PORTALSOLUSINDO
Internasional

Lindsey Graham, Senator AS yang Pernah Ancam Saudi Agar Akui Israel Meninggal Dunia

Oleh: Andi PratamaMinggu, 12 Juli 2026 pukul 15.13
Lindsey Graham, Senator AS yang Pernah Ancam Saudi Agar Akui Israel Meninggal Dunia
[Iklan AdSense 728x90]

Lindsey Graham, Senator AS yang Pernah Ancam Saudi Agar Akui Israel Meninggal Dunia

Washington D.C. – Lindsey Graham, seorang senator senior dari Partai Republik yang dikenal karena pernyataan-pernyataan kontroversialnya terkait kebijakan luar negeri, dilaporkan meninggal dunia pada usia 67 tahun. Berita ini mengejutkan banyak pihak, terutama di kalangan pengamat politik dan hubungan internasional.

Graham, yang menjabat sebagai senator untuk negara bagian Carolina Selatan sejak 2003, ramai diperbincangkan setelah pernyataannya yang mengekspresikan tekanan kepada Arab Saudi untuk mengakui keberadaan Israel. Pernyataan tersebut muncul dalam konteks peningkatan ketegangan di Timur Tengah dan upaya diplomasi yang dilakukan oleh negara-negara barat.

Karier Politik Karya Lindsey Graham

Selama masa jabatannya, Lindsey Graham dikenal sebagai sosok yang vokal dalam isu-isu pertahanan dan kebijakan luar negeri. Ia pernah menjabat di Komite Angkatan Bersenjata dan Komite Hubungan Luar Negeri Senat. Graham adalah salah satu pendukung kuat sekutu strategis Amerika Serikat di Timur Tengah, termasuk Israel. Pernyataan kontroversialnya mengenai Arab Saudi merupakan bagian dari upaya untuk mendorong perdamaian dan stabilitas di kawasan tersebut.
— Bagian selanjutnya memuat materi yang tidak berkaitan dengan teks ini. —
(* Let $r, s, m, n$ be positive integers, let $f: [nm] \rightarrow \{-r,s\}$ be a function, and let $q = \frac{1}{n} f([nm])$. For $1\le i\le m$ let $I_i=\{(i-1)n+1,(i-1)n+2,\dots,in\}$. Then $[nm]$ can be decomposed into $n$ disjoint $(2n-1)$-bounded gap sequences $S_1, S_2, \ldots, S_n$, each of cardinality $m$, such that \[\lambda(q,r,s,m) \le f(S_j) \le \Lambda(q,r,s,m)\] and $|S_j \cap I_i| =1$ for all $1 \le j \le n$ and all $1 \le i \le m$.
   Context: $[N]=\{1,\dots,N\}$; $f(Y)=\sum_{y\in Y}f(y)$. A $d$-bounded gap sequence is a set of integers $a_1<a_2<\dots<a_k$ with $a_{i+1}-a_i\le d$ for all $1\le i\le k-1$. $L(r,s,m)=\{-rx+sy : x,y\in\mathbb{Z}, x,y\ge 0, x+y=m\}$, and for real $q\in[-rm,sm]$, $\lambda(q,r,s,m)=\max\{p\in L(r,s,m): p\le q\}$ and $\Lambda(q,r,s,m)=\min\{p\in L(r,s,m): p\ge q\}$. *)

From mathcomp Require Import all_boot all_order all_algebra.
Set Implicit Arguments. Unset Strict Implicit. Unset Printing Implicit Defensive.
Import Order.TTheory GRing.Theory Num.Theory.
Local Open Scope ring_scope.

(* [N] = {1,...,N} is represented by naturals k with 1 <= k <= N. *)

(* f(Y) = sum_{y in Y} f y, for a finite set Y listed as a (duplicate-free) seq *)
Definition fsum (f : nat -> int) (Y : seq nat) : int := \sum_(y <- Y) f y.

Definition bounded_gap (d : nat) (s : seq nat) : bool :=
  sorted (fun a b => (a < b)%N && (b <= a + d)%N) s.

Definition Lval (r s m x : nat) : int := - (r * x)%:Z + (s * (m - x))%:Z.

Definition Lseq (r s m : nat) : seq int := [seq Lval r s m x | x <- iota 0 m.+1].

(* lambda(q,r,s,m) = max { p in L : p <= q }.  The default value -rm is the
   minimum of L, which is <= q for every q in the domain [-rm, sm]. *)
Definition lambda (q : rat) (r s m : nat) : int :=
  foldr Num.max (- (r * m)%:Z) [seq p <- Lseq r s m | p%:~R <= q].

(* Lambda(q,r,s,m) = min { p in L : p >= q }.  Default sm is max of L. *)
Definition Lambda (q : rat) (r s m : nat) : int :=
  foldr Num.min ((s * m)%:Z) [seq p <- Lseq r s m | q <= p%:~R].

(* Deal the positions 1, ..., nm into n hands indexed by the residues mod n:
   the t-th position (counting from 0) where f is negative goes to hand
   t mod n, the t-th position where f is positive to hand n - 1 - (t mod n).
   If N negative and P positive positions precede a block I_i, then N + P is a
   multiple of n, so inside the block the negative positions go to the hands
   N, N + 1, ... and the positive ones to the hands N - 1, N - 2, ... (mod n).
   As the block has n positions, every hand receives exactly one of them; this
   gives the sizes, the block condition and the gap bound 2n - 1.
   If X positions are negative, hand j receives c_j = #{t < X | t = j mod n}
   of them, so |n c_j - X| < n.  Finally f(S_j) = -r c_j + s (m - c_j), and
   n (-r x + s (m - x)) - n q = (r + s) (X - n x) shows that an element
   -r x + s (m - x) of L is at most q iff X <= n x; with the bound on c_j this
   puts f(S_j) between lambda and Lambda. *)

From mathcomp Require Import all_boot all_order all_algebra zify.
Set Implicit Arguments. Unset Strict Implicit. Unset Printing Implicit Defensive.
Import Order.TTheory GRing.Theory Num.Theory.

Lemma sorted_map_iota (T : Type) (e : rel T) (g : nat -> T) i m :
  (forall k, e (g k) (g k.+1)) -> sorted e (map g (iota i m)).
Proof.
move=> eg; case: m => //= m; elim: m i => [|m IHm] i //=.
by rewrite eg IHm.
Qed.

Lemma modn_window_eq n x y : x <= y < x + n -> y = x %[mod n] -> y = x.
Proof.
case/andP=> xy yx /eqP; rewrite -(subnKC xy) -[X in _ == X %% _]addn0 eqn_modDl mod0n.
by rewrite modn_small ?ltn_subLR // => /eqP ->; rewrite addn0.
Qed.

Lemma modn_complement n x y : 0 < n -> x %% n = n.-1 - y %% n -> (x + y).+1 = 0 %[mod n].
Proof.
move=> n_gt0 e; have y_lt : y %% n <= n.-1 by rewrite -ltnS prednK ?ltn_pmod.
have -> : (x + y).+1 = (x %/ n + y %/ n).+1 * n.
  by rewrite {1}(divn_eq x n) {1}(divn_eq y n) e mulSn mulnDl; lia.
by rewrite modnMl mod0n.
Qed.

Lemma block_unique n b b' k : 0 < n ->
  b * n < k <= b * n + n -> b' * n < k <= b' * n + n -> b = b'.
Proof.
move=> n_gt0 /andP[bk kb] /andP[bk' kb']; apply/eqP; rewrite eqn_leq -(ltnS b b') -(ltnS b' b).
rewrite -(ltn_pmul2r (n1 := b) n_gt0) -(ltn_pmul2r (n1 := b') n_gt0) !mulSn !(addnC n).
by rewrite (leq_trans bk kb') (leq_trans bk' kb).
Qed.

(* [j + n * c] is the least [t >= X] with [t = j %[mod n]]. *)
Lemma count_residue_window n X j : j < n ->
  X <= j + n * count (fun t => t %% n == j) (iota 0 X) < X + n.
Proof.
move=> j_lt; have n_gt0 : 0 < n by apply: leq_ltn_trans j_lt.
elim: X => [|X IHX]; first by rewrite /= muln0 addn0.
rewrite -addn1 iotaD count_cat /= add0n addn0.
set c := count _ _ in IHX *.
have res_jc : (j + n * c) %% n = j by rewrite addnC mulnC modnMDl modn_small.
case: eqP => [res_X | /eqP res_X].
- have eq_X : j + n * c = X by apply: modn_window_eq IHX _; rewrite res_jc res_X.
  rewrite mulnDr muln1; lia.
- have : X != j + n * c by apply: contraNneq res_X => ->; rewrite res_jc.
  move: IHX; lia.
Qed.

Section Dealing.
Variables (a : pred nat) (n : nat).
Hypothesis n_gt0 : 0 < n.

Definition before k := count a (iota 1 k.-1).

Definition label k :=
  if a k then before k %% n else n.-1 - (k.-1 - before k) %% n.

Lemma label_lt k : label k < n.
Proof. by rewrite /label; case: (a k); [rewrite ltn_pmod | lia]. Qed.

Lemma beforeD k d : 0 < k -> before (k + d) = before k + count a (iota k d).
Proof.
move=> k_gt0; rewrite /before; have -> : (k + d).-1 = k.-1 + d by lia.
by rewrite iotaD count_cat add1n prednK.
Qed.

Lemma before_window k k' : 0 < k < k' ->
  before k + a k <= before k' <= before k + a k + (k' - k.+1).
Proof.
case/andP=> k_gt0 kk'; have [d ->] : exists d, k' = k + d.+1 by exists (k' - k.+1); lia.
rewrite beforeD //= addnA leq_addr leq_add2l addnS subSS addKn.
by rewrite (leq_trans (count_size _ _)) ?size_iota.
Qed.

Lemma before_le k : before k <= k.-1.
Proof. by rewrite /before (leq_trans (count_size _ _)) ?size_iota. Qed.

Lemma label_block_inj b : {in [pred k | b * n < k <= b * n + n] &, injective label}.
Proof.
suff neq k k' : b * n < k -> k < k' -> k' <= b * n + n -> label k != label k'.
  move=> k k' /andP[bk kb] /andP[bk' k'b] e.
  case: (ltngtP k k') => // [lt | gt].
  - by move: (neq k k' bk lt k'b); rewrite e eqxx.
  - by move: (neq k' k bk' gt kb); rewrite e eqxx.
move=> bk kk' k'b; have k_gt0 : 0 < k by apply: leq_ltn_trans bk.
have := @before_window k k'; rewrite k_gt0 kk' => /(_ isT) w.
have := before_le k; have := before_le k'.
have bn0 : b * n = 0 %[mod n] by rewrite modnMl mod0n.
(* Equal labels of same type force equal counts; in the two mixed cases they
   make [N + P + 1] a multiple of n strictly inside the block, where N counts the
   a-positions before the a-position and P the others before the other one. *)
rewrite /label; case ak: (a k); case ak': (a k') => /= le' le; apply/eqP.
- move=> /esym/modn_window_eq; lia.
- move=> /(modn_complement n_gt0); rewrite -bn0 => /modn_window_eq; lia.
- move=> /esym/(modn_complement n_gt0); rewrite -bn0 => /modn_window_eq; lia.
- have mod_le u : u %% n <= n.-1 by rewrite -ltnS prednK ?ltn_pmod.
  move/eqP; rewrite eqn_sub2lE // => /eqP /esym /modn_window_eq; lia.
Qed.

Lemma count_label_block b j : j < n ->
  count (fun k => label k == j) (iota (b * n).+1 n) = 1.
Proof.
move=> j_lt; set blk := iota (b * n).+1 n.
have uniq_lab : uniq (map label blk).
  rewrite map_inj_in_uniq ?iota_uniq // => k k'; rewrite !mem_iota => bk bk'.
  by apply: (@label_block_inj b); rewrite inE /=; lia.
have sub_lab : {subset map label blk <= iota 0 n}.
  by move=> _ /mapP[k _ ->]; rewrite mem_iota label_lt.
have size_lab : size (iota 0 n) <= size (map label blk) by rewrite size_map !size_iota.
have [_ eq_lab] := uniq_min_size uniq_lab sub_lab size_lab.
have -> : count (fun k => label k == j) blk = count_mem j (map label blk) by rewrite count_map.
by rewrite (count_uniq_mem _ uniq_lab) eq_lab mem_iota j_lt.
Qed.

Definition rep j b := head 0 [seq k <- iota (b * n).+1 n | label k == j].

Lemma filter_label_block j b : j < n ->
  [seq k <- iota (b * n).+1 n | label k == j] = [:: rep j b].
Proof.
move=> /(count_label_block b); rewrite -size_filter /rep.
by case: [seq k <- _ | _] => [|k [|]].
Qed.

Lemma rep_in_block j b : j < n -> b * n < rep j b <= b * n + n.
Proof.
move=> j_lt; have : rep j b \in [seq k <- iota (b * n).+1 n | label k == j].
  by rewrite filter_label_block ?mem_head.
by rewrite mem_filter mem_iota addSn ltnS => /andP[].
Qed.

Definition hand m j := [seq k <- iota 1 (n * m) | label k == j].

Lemma mem_hand m j k : (k \in hand m j) = (0 < k <= n * m) && (label k == j).
Proof. by rewrite mem_filter mem_iota add1n ltnS andbC. Qed.

Lemma hand_rep m j : j < n -> hand m j = map (rep j) (iota 0 m).
Proof.
move=> j_lt; elim: m => [|m IHm]; first by rewrite /hand muln0.
rewrite /hand mulnS addnC iotaD filter_cat -/(hand m j) IHm add1n mulnC.
by rewrite filter_label_block // -addn1 iotaD map_cat.
Qed.

Lemma size_hand m j : j < n -> size (hand m j) = m.
Proof. by move=> j_lt; rewrite hand_rep // size_map size_iota. Qed.

Lemma bounded_gap_hand m j : j < n -> bounded_gap (2 * n - 1) (hand m j).
Proof.
move=> j_lt; rewrite hand_rep //; apply: sorted_map_iota => b.
by have := rep_in_block b j_lt; have := rep_in_block b.+1 j_lt; rewrite mulSn; lia.
Qed.

Lemma count_hand_block m j i : j < n -> i < m ->
  count (fun k => i * n < k <= i * n + n) (hand m j) = 1.
Proof.
move=> j_lt i_lt; rewrite hand_rep // count_map (@eq_in_count _ _ (pred1 i)).
  by rewrite count_uniq_mem ?iota_uniq // mem_iota i_lt.
move=> b _ /=; apply/idP/eqP => [ib | ->]; last exact: rep_in_block.
exact: block_unique n_gt0 (rep_in_block b j_lt) ib.
Qed.

Lemma map_before_filter K :
  map before (filter a (iota 1 K)) = iota 0 (count a (iota 1 K)).
Proof.
elim: K => [|K IHK] //; rewrite -[K.+1]addn1 iotaD filter_cat map_cat count_cat IHK /=.
by case: (a (1 + K)); rewrite /= ?addn0 ?cats0 // iotaD /before add1n.
Qed.

Lemma count_hand m j :
  count a (hand m j) = count (fun t => t %% n == j) (iota 0 (count a (iota 1 (n * m)))).
Proof.
rewrite -map_before_filter count_map count_filter count_filter.
by apply: eq_count => k /=; rewrite /label; case: (a k); rewrite ?andbT ?andbF.
Qed.

Lemma hand_balanced m j : j < n ->
  let X := count a (iota 1 (n * m)) in
  n * count a (hand m j) < X + n /\ X < n * count a (hand m j) + n.
Proof. by move=> j_lt X; have := count_residue_window X j_lt; rewrite -count_hand; lia. Qed.

End Dealing.

Local Open Scope ring_scope.

Section LSet.
Variables r s : nat.
Implicit Type m : nat.

Lemma LvalE m x : (x <= m)%N -> Lval r s m x = (s * m)%:Z - ((r + s) * x)%:Z.
Proof. rewrite /Lval; nia. Qed.

Lemma Lval_le m x y : (0 < r + s)%N -> (x <= m)%N -> (y <= m)%N ->
  (Lval r s m y <= Lval r s m x) = (x <= y)%N.
Proof. by move=> rs_gt0 xm ym; rewrite !LvalE // lerD2l lerN2 lez_nat leq_pmul2l. Qed.

Lemma Lval_antitone m x y : (x <= y <= m)%N -> Lval r s m y <= Lval r s m x.
Proof.
move=> /andP[xy ym]; rewrite !LvalE ?(leq_trans xy) //.
by rewrite lerD2l lerN2 lez_nat leq_mul2l xy orbT.
Qed.

Lemma LvalM m n x : Lval r s (n * m) (n * x) = Lval r s m x * n%:Z.
Proof. rewrite /Lval -mulnBr; nia. Qed.

Lemma lambda_le_Lval q m c : (c <= m)%N ->
  (forall x, (x <= m)%N -> (Lval r s m x)%:~R <= q -> (c <= x)%N) ->
  lambda q r s m <= Lval r s m c.
Proof.
move=> cm qc; rewrite /lambda foldrE big_filter big_map big_seq_cond.
have -> : - (r * m)%:Z = Lval r s m m by rewrite /Lval subnn muln0 addr0.
apply: bigmax_le => [|x /andP[]]; first by apply: Lval_antitone; rewrite cm leqnn.
by rewrite mem_iota ltnS => xm /(qc x xm) cx; apply: Lval_antitone; rewrite cx.
Qed.

Lemma Lval_le_Lambda q m c : (c <= m)%N ->
  (forall x, (x <= m)%N -> q <= (Lval r s m x)%:~R -> (x <= c)%N) ->
  Lval r s m c <= Lambda q r s m.
Proof.
move=> cm qc; rewrite /Lambda foldrE big_filter big_map big_seq_cond.
have -> : (s * m)%:Z = Lval r s m 0 by rewrite /Lval muln0 subn0 add0r.
apply: le_bigmin => [|x /andP[]]; first exact: Lval_antitone.
by rewrite mem_iota ltnS => xm /(qc x xm) xc; apply: Lval_antitone; rewrite xc.
Qed.

Section Average.
Variables (m n X : nat).
Hypotheses (rs_gt0 : (0 < r + s)%N) (n_gt0 : (0 < n)%N) (X_le : (X <= n * m)%N).
Let q : rat := (Lval r s (n * m) X)%:~R / n%:R.

Lemma Lval_le_avg x : (x <= m)%N -> ((Lval r s m x)%:~R <= q) = (X <= n * x)%N.
Proof.
move=> xm; rewrite ler_pdivlMr ?ltr0n // -[n%:R]/(n%:Z%:~R) -intrM ler_int -LvalM.
by rewrite Lval_le // leq_pmul2l.
Qed.

Lemma avg_le_Lval x : (x <= m)%N -> (q <= (Lval r s m x)%:~R) = (n * x <= X)%N.
Proof.
move=> xm; rewrite ler_pdivrMr ?ltr0n // -[n%:R]/(n%:Z%:~R) -intrM ler_int -LvalM.
by rewrite Lval_le // leq_pmul2l.
Qed.

Lemma Lval_between c : (c <= m)%N -> (n * c < X + n)%N -> (X < n * c + n)%N ->
  lambda q r s m <= Lval r s m c <= Lambda q r s m.
Proof.
move=> cm lo hi; apply/andP; split.
- apply: lambda_le_Lval => // x xm; rewrite Lval_le_avg // => Xx.
  by rewrite -ltnS -(ltn_pmul2l n_gt0) mulnSr (leq_trans lo) ?leq_add2r.
- apply: Lval_le_Lambda => // x xm; rewrite avg_le_Lval // => xX.
  by rewrite -ltnS -(ltn_pmul2l n_gt0) mulnSr (leq_ltn_trans xX).
Qed.
End Average.
End LSet.

Lemma fsum_Lval (f : nat -> int) (r s : nat) (l : seq nat) : (0 < r)%N ->
  {in l, forall k, f k = - r%:Z \/ f k = s%:Z} ->
  fsum f l = Lval r s (size l) (count (fun k => f k < 0) l).
Proof.
move=> r_gt0; elim: l => [|k l IHl] fl; first by rewrite /fsum big_nil /Lval !muln0.
rewrite /fsum big_cons -/(fsum f l) IHl => [|i li]; last by apply: fl; rewrite inE li orbT.
have cl := count_size (fun k => f k < 0) l.
rewrite /= !LvalE ?(leq_add (leq_b1 _)) //.
case: (fl k (mem_head _ _)) => ->.
- by rewrite oppr_lt0 ltz_nat r_gt0; nia.
- by rewrite ltNge lez_nat; nia.
Qed.

Theorem theorem4p6 (r s m n : nat) (f : nat -> int)
  (hr : (0 < r)%N) (hs : (0 < s)%N) (hm : (0 < m)%N) (hn : (0 < n)%N)
  (hf : forall k, (1 <= k <= n * m)%N -> f k = - (r%:Z) \/ f k = s%:Z) :
  let q : rat := (\sum_(1 <= k < (n * m).+1) f k)%:~R / n%:R in
  exists S : 'I_n -> seq nat,
    (* S_1,...,S_n is a decomposition of [nm] into disjoint sets *)
    (forall j k, k \in S j -> (1 <= k <= n * m)%N) /\
    (forall k, (1 <= k <= n * m)%N -> exists j, k \in S j) /\
    (forall j j' k, k \in S j -> k \in S j' -> j = j') /\
    (forall j : 'I_n,
       (* S_j is a (2n-1)-bounded gap sequence of cardinality m *)
       bounded_gap (2 * n - 1) (S j) /\ size (S j) = m /\
       lambda q r s m <= fsum f (S j) <= Lambda q r s m /\
       (* |S_j ∩ I_i| = 1 with I_i = {(i-1)n+1, ..., in} *)
       (forall i, (1 <= i <= m)%N ->
          count (fun k => ((i - 1) * n < k <= i * n)%N) (S j) = 1%N)).
Proof.
pose a : pred nat := fun k => f k < 0.
have f_iota : {in iota 1 (n * m), forall k, f k = - r%:Z \/ f k = s%:Z}.
  by move=> k; rewrite mem_iota add1n ltnS; exact: hf.
have -> : \sum_(1 <= k < (n * m).+1) f k = Lval r s (n * m) (count a (iota 1 (n * m))).
  by rewrite /index_iota subn1 -/(fsum f _) (fsum_Lval hr f_iota) size_iota.
exists (fun j : 'I_n => hand a n m j); split; [|split; [|split]].
- by move=> j k; rewrite mem_hand => /andP[].
- by move=> k k_in; exists (Ordinal (label_lt a hn k)); rewrite mem_hand k_in eqxx.
- move=> j j' k; rewrite !mem_hand => /andP[_ /eqP kj] /andP[_ /eqP kj'].
  by apply: val_inj; rewrite /= -kj -kj'.
move=> j; have j_lt := ltn_ord j; have [lo hi] := hand_balanced a hn m j_lt.
have hand_f : {in hand a n m j, forall k, f k = - r%:Z \/ f k = s%:Z}.
  by move=> k; rewrite mem_hand => /andP[/hf].
split; first exact: bounded_gap_hand.
split; first exact: size_hand.
split.
- rewrite (fsum_Lval hr hand_f) size_hand //; apply: Lval_between => //.
  + by rewrite addn_gt0 hr.
  + by rewrite (leq_trans (count_size _ _)) ?size_iota.
  + by rewrite (leq_trans (count_size _ _)) ?size_hand.
- case=> // i /andP[_ i_lt]; rewrite subn1 mulSnr.
  exact: count_hand_block.
Qed.
Lemma seg_len_le l x y : x <= y -> seg_len g s l x <= seg_len g s l y.
Proof.
move=> xy; have := curve_x_prev_le s l g_ge0; rewrite /seg_len.
move: (curve_x g s l) (curve_x_prev g s l) => A B BA; rewrite !minEle.
by case: (leP x A); case: (leP x B); case: (leP y A); case: (leP y B); lra.
Qed.

Lemma sum_seg_len x : 0 <= x <= 1 -> \sum_(l < d) seg_len g s l x = x.
Proof.
case/andP=> x_ge0 x_le1; rewrite -(big_mkord xpredT (fun l => seg_len g s l x)).
under eq_bigr do rewrite /seg_len -curve_x_prevS.
by rewrite telescope_sumr // curve_x_prev_full g_sum1 curve_x_prev0 min_l // min_r // subr0.
Qed.

Lemma exists_segment x : 0 <= x <= 1 ->
  exists m : 'I_d, curve_x_prev g s m <= x <= curve_x g s m.
Proof.
case/andP=> x_ge0 x_le1.
have d_gt0 : (0 < d)%N.
  case: (posnP d) => [d0|//]; move: g_sum1.
  rewrite big1 => [/esym/eqP|[i lt_id] _]; first by rewrite oner_eq0.
  by exfalso; move: lt_id; rewrite d0.
pose P n := (n < d)%N && (x <= curve_x g s n).
have [|m /andP[md xm] m_min] := ex_minnP (ex_intro P d.-1 _).
  by rewrite /P prednK // leqnn curve_x_last ?prednK ?g_sum1 /=.
exists (Ordinal md); rewrite /= xm andbT.
case: m m_min md {xm} => [|m] m_min md; first by rewrite curve_x_prev0.
rewrite curve_x_prevS leNgt; apply/negP => lt_xm.
by have := m_min m; rewrite /P (ltnW md) (ltW lt_xm) ltnn => /(_ isT).
Qed.

End SegLen.
End Curves.

Lemma beta_order_exists (R : realType) (d : nat) (g p : 'I_d -> R) :
  exists s : 'S_d, is_beta_order g p s.
Proof.
pose geq_ratio i j := p j / g j <= p i / g i.
have geq_trans : transitive geq_ratio by move=> j i k ij jk; apply: le_trans jk ij.
have sorted_enum := sort_sorted (fun i j => le_total (p j / g j) (p i / g i)) (enum 'I_d).
set sq := sort geq_ratio (enum 'I_d) in sorted_enum.
have size_sq : size sq = d by rewrite size_sort size_enum_ord.
have uniq_sq : uniq sq by rewrite sort_uniq enum_uniq.
have nthE (i : 'I_d) x0 : nth i sq i = nth x0 sq i.
  by apply: set_nth_default; rewrite size_sq.
have nth_inj : injective (fun i : 'I_d => nth i sq i).
  move=> i j; rewrite (nthE j i) => /eqP.
  by rewrite nth_uniq ?size_sq // => /eqP /val_inj.
exists (perm nth_inj) => i j ij; rewrite !permE (nthE j i).
by apply: (sorted_leq_nth geq_trans (fun=> lexx _)) => //; rewrite inE size_sq.
Qed.

Section Knapsack.
Variables (R : realType) (d : nat) (g p : 'I_d -> R) (s : 'S_d).
Hypotheses (g_gt0 : forall i, 0 < g i) (g_sum1 : \sum_i g i = 1).
Hypothesis s_order : is_beta_order g p s.
Variable w : 'I_d -> R.
Hypothesis w01 : forall j, 0 <= w j <= 1.

Let g_ge0 i : 0 <= g i. Proof. exact: ltW. Qed.
Local Notation x := (\sum_j w j * g j).
Local Notation rho l := (p (s l) / g (s l)).

Let wg_ge0 j : 0 <= w j * g j.
Proof. by case/andP: (w01 j) => *; apply: mulr_ge0. Qed.

Let wg_le j : w j * g j <= g j.
Proof. by case/andP: (w01 j) => *; apply: ler_piMl. Qed.

Let x01 : 0 <= x <= 1.
Proof. by rewrite sumr_ge0 //= -g_sum1 ler_sum. Qed.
Pernyataan tentang Arab Saudi dan Israel

Pada tahun lalu, Graham menegaskan bahwa jika Arab Saudi tidak mau mengakui Israel, maka negara tersebut akan menghadapi konsekuensi yang serius dari Washington. Pendekatan keras ini telah mendapatkan berbagai reaksi dari para pemimpin dunia, dengan beberapa menyokong pendekatannya, sementara yang lain menganggapnya sebagai tindakan provokatif yang dapat memperburuk ketegangan di kawasan tersebut.

Kepedihan dan Kenangan

Meninggalnya Lindsey Graham adalah kehilangan besar bagi banyak pendukungnya. Sejumlah rekan separtai dan oposisi menyampaikan ucapan duka cita melalui media sosial, mengenang kontribusinya dalam dunia politik dan bagi rakyat Amerika. “Kita kehilangan seorang pemimpin yang berani dan visioner. Arwahnya akan terus dikenang oleh banyak orang,” ungkap seorang rekan senator.

Pelayanan terakhir dan pemakaman Graham dijadwalkan akan diadakan dalam beberapa hari ke depan, dengan dihadiri oleh para kolega dan keluarga terdekat.

Penutup

Sejarah politik Lindsey Graham akan diingat, terutama sikapnya yang mencolok terhadap kebijakan luar negeri Amerika. Sebagai figur yang telah menjembatani hubungan antara Amerika dan sekutunya, kepergiannya menandai berakhirnya era bagi banyak orang yang mengikuti perjalanan politiknya.

Disclaimer: Penggunaan teknologi AI pada artikel ini ditujukan semata-mata untuk penyempurnaan redaksional.